In contrast to AdaBoost, the weights of the training instances are not tweaked, instead, each predictor is trained using the residual errors of the predecessor as labels. There is a technique called the Gradient Boosted Trees whose base learner is CART (Classification and Regression Trees). The below diagram explains how gradient-boosted trees are trained for regression problems.

Gradient Boosted Trees for Regression

The ensemble consists of M trees. Tree1 is trained using the feature matrix X and the labels y. The predictions labeled y1(hat) are used to determine the training set residual errors r1. Tree2 is then trained using the feature matrix X and the residual errors r1 of Tree1 as labels. The predicted results r1(hat) are then used to determine the residual r2. The process is repeated until all the M trees forming the ensemble are trained. There is an important parameter used in this technique known as Shrinkage. Shrinkage refers to the fact that the prediction of each tree in the ensemble is shrunk after it is multiplied by the learning rate (eta) which ranges between 0 to 1. There is a trade-off between eta and the number of estimators, decreasing learning rate needs to be compensated with increasing estimators in order to reach certain model performance. Since all trees are trained now, predictions can be made. Each tree predicts a label and the final prediction is given by the formula,

y(pred) = y1 + (eta *  r1) + (eta * r2) + ....... + (eta * rN)
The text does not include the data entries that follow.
Lemma grid_sum_vdm_monomial j i l :
  (j + 3 <= T1 + T2 + T3)%N -> (i <= j)%N -> (l <= j - i)%N ->
  grid_sum B1 B2 B3 (fun a1 a2 a3 => vdm a1 a2 a3 * (a1 ^+ (j - i - l) * a2 ^+ l * a3 ^+ i))
  = vdm_ind F T1 T2 T3 j i l.
Proof.
move=> hj hi hl; set e1 := (j - i - l)%N.
pose m u1 u2 u3 := grid_sum B1 B2 B3
  (fun a1 a2 a3 => a1 ^+ (e1 + u1) * a2 ^+ (l + u2) * a3 ^+ (i + u3)).
have -> : grid_sum B1 B2 B3 (fun a1 a2 a3 => vdm a1 a2 a3 * (a1 ^+ e1 * a2 ^+ l * a3 ^+ i))
    = m 2 1 0 - m 2 0 1 - m 1 2 0 + m 1 0 2 + m 0 2 1 - m 0 1 2.
  rewrite /m -!grid_sumN -!grid_sumD; apply: eq_grid_sum => a1 a2 a3.
  by rewrite /vdm !exprD !expr0 !expr1; ring.
by rewrite /m /vdm_ind /target_ind !(grid_sum_monomial hB1 hB2 hB3) //; lia.
Qed.

(* Coefficient of x1^(m-i-l) x2^l x3^i in (x1 + x2 + k x3)^m. *)
Definition tri_coef (k : F) m i l : F := ('C(m, i) * 'C(m - i, l))%:R * k ^+ i.

(* Coefficient of x1^T1 x2^T2 x3^T3 in vdm * (x1 + x2 + k x3)^m. *)
Definition top_coef (k : F) m : F :=
    tri_coef k m T3 (T2 - 1) - tri_coef k m (T3 - 1) T2 - tri_coef k m T3 (T2 - 2)
  + tri_coef k m (T3 - 2) T2 + tri_coef k m (T3 - 1) (T2 - 2)
  - tri_coef k m (T3 - 2) (T2 - 1).

(* Only the leading term of P reaches degree T1 + T2 + T3 = m + 3, so the
   grid sum of vdm * P(x1 + x2 + k x3) is the top coefficient. *)
Lemma grid_sum_vdm_poly (k : F) (P : {poly F}) m :
  (2 <= T1)%N -> (2 <= T2)%N -> (2 <= T3)%N -> (T1 + T2 + T3 = m + 3)%N ->
  P \is monic -> size P = m.+1 ->
  grid_sum B1 B2 B3 (fun a1 a2 a3 => vdm a1 a2 a3 * P.[a1 + a2 + k * a3]) = top_coef k m.
Proof.
move=> h1 h2 h3 hT monP sP.
have lP : P`_m = 1 by move: monP; rewrite monicE lead_coefE sP => /eqP.
pose term j i l a1 a2 a3 :=
  (P`_j * tri_coef k j i l) * (vdm a1 a2 a3 * (a1 ^+ (j - i - l) * a2 ^+ l * a3 ^+ i)).
rewrite (@eq_grid_sum F B1 B2 B3 _ (fun a1 a2 a3 => \sum_(j < size P) \sum_(i < j.+1)
    \sum_(l < (j - i).+1) term j i l a1 a2 a3)); last first.
  move=> a1 a2 a3; rewrite horner_coef mulr_sumr; apply: eq_bigr => j _.
  rewrite trinomial !mulr_sumr; apply: eq_bigr => i _.
  rewrite !mulr_sumr; apply: eq_bigr => l _.
  by rewrite /term /tri_coef exprMn; ring.
rewrite grid_sum_sum.
under eq_bigr do rewrite grid_sum_sum.
under eq_bigr do under eq_bigr do rewrite grid_sum_sum.
have collapse_j (j : 'I_(size P)) :
  \sum_(i < j.+1) \sum_(l < (j - i).+1) grid_sum B1 B2 B3 (term j i l) =
  if (j + 3 == T1 + T2 + T3)%N then P`_j * top_coef k j else 0.
  rewrite /top_coef !(mulrDr, mulrN) -(sum_vdm_ind (fun i l => P`_j * tri_coef k j i l)) //.
  apply: eq_bigr => i _; apply: eq_bigr => l _.
  rewrite grid_sumZ grid_sum_vdm_monomial //.
  - by have := ltn_ord j; rewrite {2}sP; lia.
  - by have := ltn_ord i; lia.
  - by have := ltn_ord l; lia.
rewrite (eq_bigr _ (fun j _ => collapse_j j)) sP big_ord_recr /= big1; last first.
  by move=> j _; have := ltn_ord j; rewrite hT; case: eqP => //; lia.
by rewrite add0r hT eqxx lP mul1r.
Qed.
Difference between Adaboost and Gradient Boosting

The difference between AdaBoost and gradient boosting are as follows:

AdaBoost	Gradient Boosting
During each iteration in AdaBoost, the weights of incorrectly classified samples are increased, so that the next weak learner focuses more on these samples.	Gradient Boosting updates the weights by computing the negative gradient of the loss function with respect to the predicted output.
AdaBoost uses simple decision trees with one split known as the decision stumps of weak learners.	Gradient Boosting can use a wide range of base learners, such as decision trees, and linear models.
AdaBoost is more susceptible to noise and outliers in the data, as it assigns high weights to misclassified samples	Gradient Boosting is generally more robust, as it updates the weights based on the gradients, which are less sensitive to outliers.

Gradient Boosting Algorithm

Step 1:

Let’s assume X, and Y are the input and target having N samples. Our goal is to learn the function f(x) that maps the input features X to the target variables y. It is boosted trees i.e the sum of trees.

The loss function is the difference between the actual and the predicted variables.

$L(f)= \sum ^{N}_{i=1}L(y_i,f(x_i))$

Step 2: We want to minimize the loss function L(f) with respect to f.

$\hat f_0 (x) = arg\underset{f}{min} \;L(f) = arg\underset{f}{min} \sum ^{N}_{i=1}L(y_i,f(x_i))$

If our gradient boosting algorithm is in M stages then To improve the $f_m$ the algorithm can add some new estimator as $h_m$ having $1\le m \le M$

$\hat y_i = F_{m+1}(x_i) = F_m(x_i) + h_m(x_i)$

Step 3: Steepest Descent

For M stage gradient boosting, The steepest Descent finds $h_m = -\rho_m g_m$ where $\rho _m$ is constant and known as step length and $g_m$ is the gradient of loss function L(f)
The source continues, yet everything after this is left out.